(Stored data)
Lemma quot_neg x : qa (mneg x) = 1 - qa x.
Proof. unfold quot. destruct HQ as [[[_ [H _]] _] _]. rewrite H. reflexivity. Qed.

Lemma quot_cst r : qa (pcst r) = qv r.
Proof. unfold quot. destruct HQ as [[_ H] _]. rewrite H. reflexivity. Qed.

Lemma quot_one : qa mone = 1.
Proof.
  unfold mone. rewrite quot_neg. unfold quot. destruct HQ as [[[_ [_ H]] _] _]. rewrite H.
  simpl; lra.
Qed.

Lemma quot_mul x y : qa (mmul x y) = Rmax 0 (qa x + qa y - 1).
Proof.
  unfold mmul. rewrite quot_neg, quot_oplus, !quot_neg.
  pose proof (v01_bounds (quot A x F)); pose proof (v01_bounds (quot A y F)). minmax.
Qed.

Lemma quot_arrow x y : qa (marrow x y) = Rmin 1 (1 - qa x + qa y).
Proof.
  unfold marrow. rewrite quot_oplus, quot_neg.
  pose proof (v01_bounds (quot A x F)); pose proof (v01_bounds (quot A y F)). minmax.
Qed.

Lemma quot_mono x y : mle x y -> qa x <= qa y.
Proof.
  unfold mle; intros H. apply (f_equal (fun z => qa z)) in H.
  rewrite quot_oplus, quot_neg, quot_one in H.
  pose proof (v01_bounds (quot A x F)); pose proof (v01_bounds (quot A y F)). minmax.
Qed.

Lemma quot_eq1 a : proj1_sig F a <-> qa a = 1.
Proof.
  destruct HQ as [_ H]. rewrite H. split; intros E.
  - unfold quot; rewrite E; simpl; lra.
  - apply I01_eq. unfold quot in E; rewrite E. simpl; lra.
Qed.
End Quotient.

Lemma rep_pow_annihilates (A : PSig) (RD : Representation A) (x b : A) (s : Q01) n :
  mpow A (mmul (marrow b (mmul (pcst s) x)) (marrow (pcst (qcompl s)) x)) n = mzero ->
  mle (mmul (pcst s) x) b.
Proof.
  intros Hn. apply (rep_mle A RD). intros k. apply (f_equal (fun z => rep A RD z k)) in Hn.
  rewrite rep_pow, rep_mul, !rep_arrow, rep_mul, !rep_cst, rep_zero, qv_qcompl in Hn.
  rewrite rep_mul, rep_cst.
  pose proof (rep_bounds A RD x k); pose proof (rep_bounds A RD b k); pose proof (qv_bounds s).
  set (X := rep A RD x k) in *. set (Y := rep A RD b k) in *.
  destruct (Rle_dec (1 - qv s) X) as [Hx|Hx]; [|minmax].
  replace (Rmin 1 (1 - (1 - qv s) + X)) with 1 in Hn by minmax.
  apply Rnot_lt_le; intros Hlt.
  replace (Rmin 1 (1 - Y + Rmax 0 (qv s + X - 1))) with 1 in Hn by minmax.
  replace (Rmax 0 (1 + 1 - 1)) with 1 in Hn by minmax.
  replace (INR n * 1 - (INR n - 1)) with 1 in Hn by ring. minmax.
Qed.

Section GaloisRepresentation.
Variables A B : PSig.
Variable RDA : Representation A.
Variable RDB : Representation B.
Hypothesis HPA : is_Pavelka A.
Hypothesis HPB : is_Pavelka B.
Let HMA : is_MV A := proj1 HPA.
Let HMB : is_MV B := proj1 HPB.
Variables (d : A -> B) (h : B -> A).
Hypothesis Hg : galois A B d h.
Local Notation qa x F := (v01 (quot A x F)).
Local Notation qb z G := (v01 (quot B z G)).

Lemma galois_d0 : d mzero = mone.
Proof. apply (mle1 B HMB), (proj1 (proj2 (proj2 Hg))), mle0x; auto. Qed.

Lemma galois_d_mjoin (b1 b2 : A) : mle (mmeet (d b1) (d b2)) (d (mjoin b1 b2)).
Proof.
  apply (proj1 (proj2 (proj2 Hg))). apply mjoin_lub; auto; apply (proj1 (proj2 (proj2 Hg))).
  - apply mmeet_lbl; auto.
  - apply mmeet_lbr; auto.
Qed.

(* The [sup] defining [R(F,G)] is controlled by the elements [b] with [d b ∈ G]: a term
   [d(a)/G · a/F] above [v] would, via a rational [r < d(a)/G], give [d(r·a) = r → d(a) ∈ G]. *)
Lemma Rel_of_le (F : SpecM A) (G : SpecM B) v : 0 <= v ->
  (forall b, proj1_sig G (d b) -> qa b F <= v) -> v01 (Rel_of A B d F G) <= v.
Proof.
  intros Hv Hb. apply sup01_lub; auto. intros a. rewrite v01_mul.
  pose proof (v01_bounds (quot B (d a) G)); pose proof (v01_bounds (quot A a F)).
  apply Rnot_lt_le; intros Hc.
  destruct (exists_Q01_between (v + 1 - qa a F) (qb (d a) G)) as [r Hr]; try minmax.
  assert (Hra : proj1_sig G (d (mmul (pcst r) a))).
  { rewrite <- (proj2 (proj2 (proj2 Hg))). apply (quot_eq1 B RDB HPB G).
    rewrite quot_arrow, quot_cst; auto. pose proof (qv_bounds r). minmax. }
  apply Hb in Hra. rewrite quot_mul, quot_cst in Hra; auto. minmax.
Qed.
Lemma near_G0_forall_lt n (P : nat -> (R -> R) -> Prop) g :
  (forall j, (j < n)%nat -> near_G0 (P j) g) -> near_G0 (fun g' => forall j, (j < n)%nat -> P j g') g.
Proof.
  induction n as [|n IH]; intros H.
  { exists 1. split; [lra|]. intros; lia. }
  destruct (near_G0_and _ _ g (IH ltac:(auto)) (H n ltac:(lia))) as [e [He He']].
  exists e. split; auto. intros g' Hg' Hc j Hj. destruct (He' g' Hg' Hc) as [A B].
  destruct (Nat.eq_dec j n) as [->|]; auto. apply A; lia.
Qed.

(** * Steep maps lie outside the spans *)

(* The rise [steep_rise eta] on the first piece is the value making the integral vanish. *)
Definition steep_rise (eta : R) : R := (11 / 8 - eta / 4) / (1 + eta / 2).

Definition steep_nodes (eta : R) (k : nat) : R :=
  match k with O => -1 | 1 => 1 / 2 - eta | 2 => 1 / 2 | _ => 1 end.

Definition steep_slopes (eta : R) (k : nat) : R :=
  match k with
  | O => steep_rise eta / (3 / 2 - eta)
  | 1 => 1 / (2 * eta)
  | _ => 2 * (3 / 2 - steep_rise eta)
  end.

Lemma steep_G0 eta : 0 < eta <= 1 / 5 -> exists w, inG0 w /\
  w (1 / 2) - w (1 / 2 - eta) = 1 / 2 /\ w (-1 / 2 + eta) - w (-1 / 2) <= 1 / 4.
Proof.
  intros He.
  assert (HA1 : 0 < steep_rise eta) by (unfold steep_rise; apply Rdiv_lt_0_compat; lra).
  assert (HA2 : steep_rise eta <= 11 / 8)
    by (unfold steep_rise; apply (Rmult_le_reg_r (1 + eta / 2)); [lra | field_simplify; lra]).
  assert (Hinc : forall k, (k < 3)%nat -> steep_nodes eta k < steep_nodes eta (S k))
    by (intros k Hk; destruct k as [|[|[|k]]]; try lia; simpl; lra).
  set (mu := Rmin (steep_slopes eta 0) (Rmin (steep_slopes eta 1) (steep_slopes eta 2))).
  assert (Hslope : forall k, (k < 3)%nat -> mu <= steep_slopes eta k).
  { intros k Hk. destruct k as [|[|[|k]]]; try lia.
    - apply Rmin_l.
    - eapply Rle_trans; [apply Rmin_r | apply Rmin_l].
    - eapply Rle_trans; [apply Rmin_r | apply Rmin_r]. }
  assert (Hmu : 0 < mu).
  { repeat apply Rmin_pos; simpl; [apply Rdiv_lt_0_compat | apply Rdiv_lt_0_compat |]; lra. }
  assert (Htot : sum_lt 3 (fun k => steep_slopes eta k * (steep_nodes eta (S k) - steep_nodes eta k)) = 2)
    by (simpl; field; lra).
  set (w := pl (steep_nodes eta) 3 (steep_slopes eta)).
  assert (Hw : inG w) by (eapply pl_G; eauto; reflexivity).
  assert (Hpiece := pl_piece (steep_nodes eta) 3 Hinc (steep_slopes eta)).
  exists w. split; [split|split].
  - exact Hw.
  - change (RInt w (-1) 1 = 0 :> R). rewrite RInt_G_eq_opp_Q_id by auto.
    unfold w.
    rewrite (Q_pl (steep_nodes eta) 3 eq_refl eq_refl Hinc _ _ Hmu Hslope Htot) by apply cont_on_I_id.
    change idI with (fun x : R => x). simpl. rewrite !RInt_id. unfold steep_rise. field. lra.
  - unfold w. rewrite (Hpiece 1%nat (1 / 2)) by (try lia; simpl; lra). simpl. field. lra.
  - unfold w. rewrite (Hpiece 0%nat (-1 / 2 + eta)), (Hpiece 0%nat (-1 / 2)) by (try lia; simpl; lra). simpl.
    apply Rle_trans with (steep_rise eta * eta / (3 / 2 - eta)); [right; field; lra|].
    apply (Rmult_le_reg_r (3 / 2 - eta)); [lra|]. field_simplify; [nra | lra].
Qed.

Section Spans.
Variable n : nat.
Variable f : nat -> R -> R.
Hypothesis HG : all_G0 n f.

Let V_family_cont k : (k < S n)%nat -> cont_on_I (extend n f idI k).
Proof.
  intros Hk. destruct (Nat.eq_dec k n) as [->|]; [rewrite extend_last; apply cont_on_I_id|].
  rewrite extend_other by auto. apply G_cont, HG; lia.
Qed.

Let V_family_bound k x : (k < S n)%nat -> in_I x -> Rabs (extend n f idI k x) <= 1.
Proof.
  intros Hk Hx. destruct (Nat.eq_dec k n) as [->|]; [rewrite extend_last; apply Rabs_le_1_of_in_I; auto|].
  rewrite extend_other by auto. apply G_bound; auto. apply HG; lia.
Qed.

Let fe_family_cont k : (k < n)%nat -> cont_on_I (fe (f k)).
Proof. intros; apply cont_on_I_fe, G_cont, HG; auto. Qed.

Let fe_family_bound k x : (k < n)%nat -> in_I x -> Rabs (fe (f k) x) <= 1.
Proof. intros; apply fe_bound; auto. apply HG; auto. Qed.

Lemma not_in_V_near : lin_indep_with idI n f -> forall g, inG g ->
  ~ in_span (S n) (extend n f idI) g -> near_G0 (fun g' => ~ in_span (S n) (extend n f idI) g') g.
Proof.
  intros HL g Hg Hn.
  destruct (not_in_span_near (S n) (extend n f idI) g V_family_bound (G_bound g Hg)
              (proj1 (lin_indep_with_iff _ _ _) HL) Hn) as [e [He H]].
  exists e. split; auto. intros g' _ Hc. apply H. intros t Ht. left. apply Hc, Ht.
Qed.

Lemma not_in_Ve_near : lin_indep n (fun k => fe (f k)) -> forall g, inG g ->
  ~ in_span n (fun k => fe (f k)) (fe g) -> near_G0 (fun g' => ~ in_span n (fun k => fe (f k)) (fe g')) g.
Proof.
  intros HL g Hg Hn.
  destruct (not_in_span_near n (fun k => fe (f k)) (fe g) fe_family_bound (fun x => fe_bound g x Hg)
              (proj1 (lin_indep_iff _ _) HL) Hn) as [e [He H]].
  exists e. split; auto. intros g' _ Hc. apply H. intros t Ht.
  assert (A := Hc t Ht). assert (B := Hc (- t) (in_I_opp t Ht)). unfold fe.
  replace ((g' t + g' (- t)) / 2 - (g t + g (- t)) / 2) with ((g' t - g t) / 2 + (g' (- t) - g (- t)) / 2)
    by field.
  eapply Rle_trans; [apply Rabs_triang|]. unfold Rdiv. rewrite !Rabs_mult, Rabs_inv, (Rabs_right 2) by lra.
  lra.
Qed.

Let small_step eta : 0 < eta -> exists e, 0 < e <= 1 / 5 /\ e < eta.
Proof.
  intros He. exists (Rmin (eta / 2) (1 / 5)).
  pose proof (Rmin_l (eta / 2) (1 / 5)). pose proof (Rmin_r (eta / 2) (1 / 5)).
  pose proof (Rmin_pos (eta / 2) (1 / 5) ltac:(lra) ltac:(lra)). repeat split; lra.
Qed.

Lemma exists_not_in_V : lin_indep_with idI n f -> exists w, inG0 w /\ ~ in_span (S n) (extend n f idI) w.
Proof.
  intros HL.
  destruct (not_in_span_of_steep (S n) _ V_family_cont V_family_bound
              (proj1 (lin_indep_with_iff _ _ _) HL) (1 / 2) ltac:(lra)) as [eta [Heta Hsteep]].
  destruct (small_step eta Heta) as (e & He & He').
  destruct (steep_G0 e He) as (w & Hw & Hjump & _).
  exists w. split; auto.
  apply (Hsteep w (fun t Ht => G_bound w (proj1 Hw) t Ht) (1 / 2 - e) (1 / 2)); unfold in_I; try lra.
  rewrite Rabs_right; lra.
Qed.

(* The jump of w near 1/2 is not compensated near -1/2, so fe w is steep as well. *)
Lemma exists_not_in_Ve : lin_indep n (fun k => fe (f k)) ->
  exists w, inG0 w /\ ~ in_span n (fun k => fe (f k)) (fe w).
Proof.
  intros HL.
  destruct (not_in_span_of_steep n _ fe_family_cont fe_family_bound
              (proj1 (lin_indep_iff _ _) HL) (1 / 8) ltac:(lra)) as [eta [Heta Hsteep]].
  destruct (small_step eta Heta) as (e & He & He').
  destruct (steep_G0 e He) as (w & Hw & Hjump & Hflat).
  exists w. split; auto.
  apply (Hsteep (fe w) (fun t Ht => fe_bound w t (proj1 Hw) Ht) (1 / 2 - e) (1 / 2)); unfold in_I; try lra.
  - rewrite Rabs_right; lra.
  - unfold fe. replace (- (1 / 2 - e)) with (-1 / 2 + e) by field.
    replace (- (1 / 2)) with (-1 / 2) by field. lra.
Qed.

End Spans.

**Exercise instructions**
From the data above, copy each line that holds "ltac".

**Solution to this exercise**
  destruct (near_G0_and _ _ g (IH ltac:(auto)) (H n ltac:(lia))) as [e [He He']].
  pose proof (Rmin_pos (eta / 2) (1 / 5) ltac:(lra) ltac:(lra)). repeat split; lra.
              (proj1 (lin_indep_with_iff _ _ _) HL) (1 / 2) ltac:(lra)) as [eta [Heta Hsteep]].
              (proj1 (lin_indep_iff _ _) HL) (1 / 8) ltac:(lra)) as [eta [Heta Hsteep]].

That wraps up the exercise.